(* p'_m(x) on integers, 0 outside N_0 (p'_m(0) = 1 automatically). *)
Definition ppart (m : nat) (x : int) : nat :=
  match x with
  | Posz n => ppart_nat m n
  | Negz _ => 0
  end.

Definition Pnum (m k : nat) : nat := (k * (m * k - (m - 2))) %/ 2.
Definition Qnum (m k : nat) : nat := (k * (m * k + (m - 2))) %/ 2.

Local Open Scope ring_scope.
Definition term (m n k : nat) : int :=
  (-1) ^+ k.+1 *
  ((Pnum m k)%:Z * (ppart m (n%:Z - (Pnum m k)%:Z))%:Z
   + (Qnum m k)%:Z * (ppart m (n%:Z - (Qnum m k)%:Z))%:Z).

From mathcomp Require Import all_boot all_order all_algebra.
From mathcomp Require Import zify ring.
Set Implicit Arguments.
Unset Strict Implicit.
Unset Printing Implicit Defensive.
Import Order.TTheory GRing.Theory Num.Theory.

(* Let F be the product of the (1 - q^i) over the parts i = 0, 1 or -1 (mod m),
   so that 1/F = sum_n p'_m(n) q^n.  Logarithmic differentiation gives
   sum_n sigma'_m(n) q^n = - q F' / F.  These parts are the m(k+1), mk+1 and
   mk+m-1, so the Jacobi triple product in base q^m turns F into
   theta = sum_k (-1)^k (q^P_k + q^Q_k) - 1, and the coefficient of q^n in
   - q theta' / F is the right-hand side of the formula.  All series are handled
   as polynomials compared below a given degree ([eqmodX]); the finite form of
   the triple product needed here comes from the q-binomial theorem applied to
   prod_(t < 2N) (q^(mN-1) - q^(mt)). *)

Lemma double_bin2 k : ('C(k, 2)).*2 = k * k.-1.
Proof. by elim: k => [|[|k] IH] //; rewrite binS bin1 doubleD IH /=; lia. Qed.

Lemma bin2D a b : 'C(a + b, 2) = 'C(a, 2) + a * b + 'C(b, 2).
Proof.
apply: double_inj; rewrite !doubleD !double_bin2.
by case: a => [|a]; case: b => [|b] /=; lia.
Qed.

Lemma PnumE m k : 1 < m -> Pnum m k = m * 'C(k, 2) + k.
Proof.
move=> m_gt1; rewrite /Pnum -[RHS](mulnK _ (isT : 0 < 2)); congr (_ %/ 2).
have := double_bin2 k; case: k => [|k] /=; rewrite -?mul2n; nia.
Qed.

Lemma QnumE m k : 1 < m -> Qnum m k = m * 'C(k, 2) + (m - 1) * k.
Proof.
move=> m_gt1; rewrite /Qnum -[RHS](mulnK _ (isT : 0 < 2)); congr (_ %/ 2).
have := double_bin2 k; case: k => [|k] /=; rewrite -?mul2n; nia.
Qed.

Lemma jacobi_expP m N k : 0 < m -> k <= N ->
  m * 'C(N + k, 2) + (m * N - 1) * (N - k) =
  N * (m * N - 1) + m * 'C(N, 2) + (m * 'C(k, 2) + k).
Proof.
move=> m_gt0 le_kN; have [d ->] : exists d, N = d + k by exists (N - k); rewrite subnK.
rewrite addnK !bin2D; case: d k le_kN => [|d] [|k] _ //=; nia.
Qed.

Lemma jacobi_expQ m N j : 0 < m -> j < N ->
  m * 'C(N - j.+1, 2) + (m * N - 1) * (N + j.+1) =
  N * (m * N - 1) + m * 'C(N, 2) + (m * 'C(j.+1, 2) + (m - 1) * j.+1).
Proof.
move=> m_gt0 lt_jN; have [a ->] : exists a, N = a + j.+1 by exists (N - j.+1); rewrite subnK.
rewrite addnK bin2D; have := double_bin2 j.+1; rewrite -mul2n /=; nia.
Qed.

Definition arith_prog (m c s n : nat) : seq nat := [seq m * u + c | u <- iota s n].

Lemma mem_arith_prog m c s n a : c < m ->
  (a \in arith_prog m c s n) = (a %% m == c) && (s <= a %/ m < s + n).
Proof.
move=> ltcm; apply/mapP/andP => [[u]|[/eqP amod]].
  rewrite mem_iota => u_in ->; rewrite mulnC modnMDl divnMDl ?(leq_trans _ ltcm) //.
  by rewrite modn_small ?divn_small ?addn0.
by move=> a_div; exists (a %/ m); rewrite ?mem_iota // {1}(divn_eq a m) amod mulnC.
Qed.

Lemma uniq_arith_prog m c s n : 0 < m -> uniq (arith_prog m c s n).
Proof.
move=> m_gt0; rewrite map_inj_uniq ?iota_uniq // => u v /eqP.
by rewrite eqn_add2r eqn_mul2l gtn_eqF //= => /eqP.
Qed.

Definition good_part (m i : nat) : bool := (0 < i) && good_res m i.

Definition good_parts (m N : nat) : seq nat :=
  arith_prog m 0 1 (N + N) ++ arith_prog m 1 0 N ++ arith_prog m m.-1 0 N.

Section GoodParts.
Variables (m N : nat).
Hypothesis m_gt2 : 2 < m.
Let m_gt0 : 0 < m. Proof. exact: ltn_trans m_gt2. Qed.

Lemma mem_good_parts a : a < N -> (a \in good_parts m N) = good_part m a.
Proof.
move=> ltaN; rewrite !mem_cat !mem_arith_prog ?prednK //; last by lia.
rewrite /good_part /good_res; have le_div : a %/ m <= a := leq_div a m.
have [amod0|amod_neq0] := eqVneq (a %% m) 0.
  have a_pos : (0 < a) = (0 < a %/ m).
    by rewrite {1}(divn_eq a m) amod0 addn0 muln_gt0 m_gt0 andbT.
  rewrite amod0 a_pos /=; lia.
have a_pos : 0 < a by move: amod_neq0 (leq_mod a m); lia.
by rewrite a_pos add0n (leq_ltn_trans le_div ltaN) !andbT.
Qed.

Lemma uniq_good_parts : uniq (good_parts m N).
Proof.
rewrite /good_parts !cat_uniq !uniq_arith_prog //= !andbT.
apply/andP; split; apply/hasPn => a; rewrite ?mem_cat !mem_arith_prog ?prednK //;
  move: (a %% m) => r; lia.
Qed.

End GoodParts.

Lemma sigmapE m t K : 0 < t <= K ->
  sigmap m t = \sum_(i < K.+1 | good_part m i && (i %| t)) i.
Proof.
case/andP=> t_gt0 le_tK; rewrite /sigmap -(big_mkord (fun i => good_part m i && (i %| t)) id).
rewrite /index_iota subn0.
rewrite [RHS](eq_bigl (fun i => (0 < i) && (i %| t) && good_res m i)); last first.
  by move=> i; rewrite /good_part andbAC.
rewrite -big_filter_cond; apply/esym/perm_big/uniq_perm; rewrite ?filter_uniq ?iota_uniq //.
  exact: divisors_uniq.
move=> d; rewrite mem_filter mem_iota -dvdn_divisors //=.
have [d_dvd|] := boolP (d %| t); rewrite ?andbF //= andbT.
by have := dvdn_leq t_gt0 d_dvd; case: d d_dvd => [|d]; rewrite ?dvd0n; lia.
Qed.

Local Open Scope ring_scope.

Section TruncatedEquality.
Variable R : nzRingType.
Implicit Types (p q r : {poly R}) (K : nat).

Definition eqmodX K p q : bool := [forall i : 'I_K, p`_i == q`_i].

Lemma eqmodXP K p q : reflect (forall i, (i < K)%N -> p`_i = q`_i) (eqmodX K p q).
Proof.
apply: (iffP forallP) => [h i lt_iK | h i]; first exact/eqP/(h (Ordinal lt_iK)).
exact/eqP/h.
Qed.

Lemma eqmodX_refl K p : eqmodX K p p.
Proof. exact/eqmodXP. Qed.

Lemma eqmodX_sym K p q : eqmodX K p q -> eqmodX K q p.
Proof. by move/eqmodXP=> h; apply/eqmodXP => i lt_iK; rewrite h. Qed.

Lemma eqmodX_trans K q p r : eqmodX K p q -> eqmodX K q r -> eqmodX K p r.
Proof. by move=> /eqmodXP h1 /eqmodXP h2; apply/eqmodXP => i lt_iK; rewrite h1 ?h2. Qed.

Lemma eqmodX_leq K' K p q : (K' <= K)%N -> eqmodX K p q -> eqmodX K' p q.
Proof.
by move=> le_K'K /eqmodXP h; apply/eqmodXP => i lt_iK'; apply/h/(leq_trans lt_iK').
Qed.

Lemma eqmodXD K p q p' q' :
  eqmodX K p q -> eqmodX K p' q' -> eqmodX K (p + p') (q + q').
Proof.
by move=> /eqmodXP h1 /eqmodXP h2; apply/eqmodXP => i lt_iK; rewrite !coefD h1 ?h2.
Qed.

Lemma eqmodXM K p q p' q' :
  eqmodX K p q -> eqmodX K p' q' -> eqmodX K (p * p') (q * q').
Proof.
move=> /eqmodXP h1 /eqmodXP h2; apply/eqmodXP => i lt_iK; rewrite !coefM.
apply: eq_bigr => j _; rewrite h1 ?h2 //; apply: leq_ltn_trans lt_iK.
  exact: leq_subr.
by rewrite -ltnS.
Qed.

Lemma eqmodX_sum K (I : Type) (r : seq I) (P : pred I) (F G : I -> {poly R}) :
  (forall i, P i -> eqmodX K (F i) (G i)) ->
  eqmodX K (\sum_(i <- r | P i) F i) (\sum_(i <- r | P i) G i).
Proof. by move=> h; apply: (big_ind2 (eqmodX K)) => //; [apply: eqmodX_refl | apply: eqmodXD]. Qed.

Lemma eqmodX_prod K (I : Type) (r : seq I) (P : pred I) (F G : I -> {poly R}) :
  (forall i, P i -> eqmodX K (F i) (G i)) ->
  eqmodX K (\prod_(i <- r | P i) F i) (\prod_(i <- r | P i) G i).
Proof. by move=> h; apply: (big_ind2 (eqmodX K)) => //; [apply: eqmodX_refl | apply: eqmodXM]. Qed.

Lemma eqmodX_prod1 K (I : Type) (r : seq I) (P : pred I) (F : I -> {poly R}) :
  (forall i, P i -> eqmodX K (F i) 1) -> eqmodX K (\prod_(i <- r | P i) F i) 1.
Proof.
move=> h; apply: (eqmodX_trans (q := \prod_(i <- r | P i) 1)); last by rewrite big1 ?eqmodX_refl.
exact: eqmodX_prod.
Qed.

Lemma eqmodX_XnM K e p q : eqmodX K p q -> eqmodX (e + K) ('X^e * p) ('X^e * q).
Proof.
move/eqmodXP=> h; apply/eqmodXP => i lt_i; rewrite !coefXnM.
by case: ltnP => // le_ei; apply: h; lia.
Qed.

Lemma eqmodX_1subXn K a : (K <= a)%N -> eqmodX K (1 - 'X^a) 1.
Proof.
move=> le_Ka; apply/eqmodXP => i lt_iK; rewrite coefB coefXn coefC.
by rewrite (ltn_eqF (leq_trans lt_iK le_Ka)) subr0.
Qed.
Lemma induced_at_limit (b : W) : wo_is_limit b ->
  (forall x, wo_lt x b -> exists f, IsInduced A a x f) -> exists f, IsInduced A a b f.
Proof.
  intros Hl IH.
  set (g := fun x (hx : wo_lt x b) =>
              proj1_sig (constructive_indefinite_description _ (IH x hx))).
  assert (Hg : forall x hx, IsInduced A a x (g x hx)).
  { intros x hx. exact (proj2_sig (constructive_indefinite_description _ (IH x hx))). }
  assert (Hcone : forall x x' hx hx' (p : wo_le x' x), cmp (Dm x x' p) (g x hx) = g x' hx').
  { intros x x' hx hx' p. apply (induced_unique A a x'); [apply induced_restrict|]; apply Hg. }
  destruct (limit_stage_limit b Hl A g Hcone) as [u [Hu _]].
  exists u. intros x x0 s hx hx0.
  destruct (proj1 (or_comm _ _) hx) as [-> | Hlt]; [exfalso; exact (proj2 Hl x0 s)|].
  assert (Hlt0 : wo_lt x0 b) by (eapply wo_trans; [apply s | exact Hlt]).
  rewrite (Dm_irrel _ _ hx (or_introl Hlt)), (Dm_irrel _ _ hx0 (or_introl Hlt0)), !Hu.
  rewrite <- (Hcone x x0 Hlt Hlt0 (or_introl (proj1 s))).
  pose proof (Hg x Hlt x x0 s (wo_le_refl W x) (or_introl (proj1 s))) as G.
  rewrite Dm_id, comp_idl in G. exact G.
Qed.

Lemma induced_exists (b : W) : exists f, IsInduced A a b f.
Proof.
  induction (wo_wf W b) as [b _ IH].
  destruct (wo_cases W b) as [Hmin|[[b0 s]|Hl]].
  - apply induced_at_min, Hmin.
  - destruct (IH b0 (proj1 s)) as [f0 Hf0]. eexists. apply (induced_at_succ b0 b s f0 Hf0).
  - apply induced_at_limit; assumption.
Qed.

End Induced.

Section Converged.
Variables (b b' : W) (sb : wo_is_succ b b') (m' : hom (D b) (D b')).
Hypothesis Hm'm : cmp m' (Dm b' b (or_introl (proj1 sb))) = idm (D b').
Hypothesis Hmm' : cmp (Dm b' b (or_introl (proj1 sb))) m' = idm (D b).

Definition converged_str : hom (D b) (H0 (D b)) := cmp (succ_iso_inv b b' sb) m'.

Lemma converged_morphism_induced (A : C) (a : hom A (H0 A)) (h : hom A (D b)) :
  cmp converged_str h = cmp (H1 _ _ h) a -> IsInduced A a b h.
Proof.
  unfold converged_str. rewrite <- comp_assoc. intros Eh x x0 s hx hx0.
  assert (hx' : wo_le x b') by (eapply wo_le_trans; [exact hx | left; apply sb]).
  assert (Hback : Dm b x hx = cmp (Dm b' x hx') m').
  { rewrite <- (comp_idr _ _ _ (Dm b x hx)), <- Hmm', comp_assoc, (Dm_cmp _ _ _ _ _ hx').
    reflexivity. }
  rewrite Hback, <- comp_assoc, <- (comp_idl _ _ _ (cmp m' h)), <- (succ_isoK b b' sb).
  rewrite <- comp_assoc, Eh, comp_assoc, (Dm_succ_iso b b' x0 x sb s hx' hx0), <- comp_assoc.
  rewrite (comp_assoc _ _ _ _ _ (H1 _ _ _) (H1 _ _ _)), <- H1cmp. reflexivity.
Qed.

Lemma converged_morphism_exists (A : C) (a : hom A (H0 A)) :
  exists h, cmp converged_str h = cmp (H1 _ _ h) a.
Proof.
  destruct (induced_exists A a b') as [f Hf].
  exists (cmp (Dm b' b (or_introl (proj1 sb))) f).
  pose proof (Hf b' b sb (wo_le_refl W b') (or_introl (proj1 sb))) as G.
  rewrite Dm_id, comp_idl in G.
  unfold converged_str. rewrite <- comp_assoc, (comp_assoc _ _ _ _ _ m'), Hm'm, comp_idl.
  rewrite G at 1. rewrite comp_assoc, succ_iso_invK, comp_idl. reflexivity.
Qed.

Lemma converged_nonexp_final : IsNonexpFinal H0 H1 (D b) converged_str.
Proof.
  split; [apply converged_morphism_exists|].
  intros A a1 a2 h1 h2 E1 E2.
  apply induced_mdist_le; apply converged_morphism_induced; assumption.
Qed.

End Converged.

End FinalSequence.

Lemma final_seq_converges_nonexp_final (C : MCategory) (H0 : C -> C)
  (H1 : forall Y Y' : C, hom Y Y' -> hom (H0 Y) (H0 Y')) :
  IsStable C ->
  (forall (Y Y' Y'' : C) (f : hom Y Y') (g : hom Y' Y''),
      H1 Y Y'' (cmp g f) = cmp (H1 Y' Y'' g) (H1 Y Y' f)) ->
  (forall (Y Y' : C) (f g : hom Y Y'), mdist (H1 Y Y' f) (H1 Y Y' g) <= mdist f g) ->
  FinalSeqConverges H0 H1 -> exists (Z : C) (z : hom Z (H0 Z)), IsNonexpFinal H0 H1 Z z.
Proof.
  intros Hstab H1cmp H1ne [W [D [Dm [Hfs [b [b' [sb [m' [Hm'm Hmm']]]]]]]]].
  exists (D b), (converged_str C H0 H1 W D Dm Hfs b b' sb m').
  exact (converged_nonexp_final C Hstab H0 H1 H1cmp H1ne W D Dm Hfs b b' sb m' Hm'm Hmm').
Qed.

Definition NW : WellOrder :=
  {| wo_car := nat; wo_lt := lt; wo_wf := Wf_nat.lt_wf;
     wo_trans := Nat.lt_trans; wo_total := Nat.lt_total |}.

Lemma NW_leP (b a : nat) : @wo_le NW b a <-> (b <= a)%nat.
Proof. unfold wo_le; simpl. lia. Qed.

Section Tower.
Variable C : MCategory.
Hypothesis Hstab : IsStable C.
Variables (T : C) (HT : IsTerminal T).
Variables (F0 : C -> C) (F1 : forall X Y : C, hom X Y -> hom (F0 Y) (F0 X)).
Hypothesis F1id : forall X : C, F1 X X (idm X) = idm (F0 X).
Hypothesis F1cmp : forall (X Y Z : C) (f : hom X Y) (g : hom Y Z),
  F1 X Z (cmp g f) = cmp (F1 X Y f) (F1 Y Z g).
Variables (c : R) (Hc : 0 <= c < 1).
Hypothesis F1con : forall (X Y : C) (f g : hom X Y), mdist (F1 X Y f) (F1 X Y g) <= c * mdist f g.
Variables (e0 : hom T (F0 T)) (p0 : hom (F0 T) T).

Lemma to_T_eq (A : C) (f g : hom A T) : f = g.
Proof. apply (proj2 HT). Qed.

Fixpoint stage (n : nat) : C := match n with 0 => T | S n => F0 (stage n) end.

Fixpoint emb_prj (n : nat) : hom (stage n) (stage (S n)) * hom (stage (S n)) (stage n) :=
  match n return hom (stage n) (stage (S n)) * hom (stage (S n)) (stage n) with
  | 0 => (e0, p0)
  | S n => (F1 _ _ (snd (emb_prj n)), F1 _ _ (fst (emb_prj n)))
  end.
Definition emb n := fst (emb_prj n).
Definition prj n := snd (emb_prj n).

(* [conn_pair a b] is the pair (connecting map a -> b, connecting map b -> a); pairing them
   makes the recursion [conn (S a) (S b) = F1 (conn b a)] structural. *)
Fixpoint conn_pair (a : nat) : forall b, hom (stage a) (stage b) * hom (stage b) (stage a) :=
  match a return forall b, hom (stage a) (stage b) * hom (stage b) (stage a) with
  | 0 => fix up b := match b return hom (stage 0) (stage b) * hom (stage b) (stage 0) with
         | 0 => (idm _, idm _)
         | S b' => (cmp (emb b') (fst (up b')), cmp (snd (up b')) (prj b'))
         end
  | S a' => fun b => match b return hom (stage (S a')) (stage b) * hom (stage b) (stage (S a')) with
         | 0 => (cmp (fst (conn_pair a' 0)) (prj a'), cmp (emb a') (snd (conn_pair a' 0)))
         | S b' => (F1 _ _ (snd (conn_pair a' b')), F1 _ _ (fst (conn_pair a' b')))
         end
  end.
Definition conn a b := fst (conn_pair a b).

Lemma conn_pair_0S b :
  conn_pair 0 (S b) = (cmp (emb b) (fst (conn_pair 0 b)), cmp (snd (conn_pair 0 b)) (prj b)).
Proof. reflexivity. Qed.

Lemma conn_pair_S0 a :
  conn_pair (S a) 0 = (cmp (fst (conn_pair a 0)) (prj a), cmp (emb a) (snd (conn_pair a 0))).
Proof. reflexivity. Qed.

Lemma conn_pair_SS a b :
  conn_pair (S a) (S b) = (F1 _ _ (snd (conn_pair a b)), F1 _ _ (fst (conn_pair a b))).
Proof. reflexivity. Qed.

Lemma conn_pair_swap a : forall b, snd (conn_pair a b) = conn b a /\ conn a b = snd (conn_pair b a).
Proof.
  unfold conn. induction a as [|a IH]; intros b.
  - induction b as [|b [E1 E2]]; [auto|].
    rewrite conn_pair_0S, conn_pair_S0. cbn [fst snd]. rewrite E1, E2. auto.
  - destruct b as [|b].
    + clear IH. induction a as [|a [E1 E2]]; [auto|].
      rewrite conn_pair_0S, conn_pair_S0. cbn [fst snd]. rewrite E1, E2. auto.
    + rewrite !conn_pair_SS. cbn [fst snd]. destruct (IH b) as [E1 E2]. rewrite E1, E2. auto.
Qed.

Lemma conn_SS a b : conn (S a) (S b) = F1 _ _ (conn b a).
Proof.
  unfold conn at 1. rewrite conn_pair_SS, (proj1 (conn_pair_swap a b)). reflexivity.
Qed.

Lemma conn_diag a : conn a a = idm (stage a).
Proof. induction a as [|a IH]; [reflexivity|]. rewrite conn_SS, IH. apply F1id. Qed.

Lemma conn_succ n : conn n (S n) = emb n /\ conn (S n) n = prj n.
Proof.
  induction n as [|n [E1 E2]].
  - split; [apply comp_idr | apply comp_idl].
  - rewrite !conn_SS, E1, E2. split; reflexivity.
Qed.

:: ASSIGNED TASK ::
Pull out all lines from the entries above that include the word "mulnK".

:: ANSWER BOX ::
move=> m_gt1; rewrite /Pnum -[RHS](mulnK _ (isT : 0 < 2)); congr (_ %/ 2).
move=> m_gt1; rewrite /Qnum -[RHS](mulnK _ (isT : 0 < 2)); congr (_ %/ 2).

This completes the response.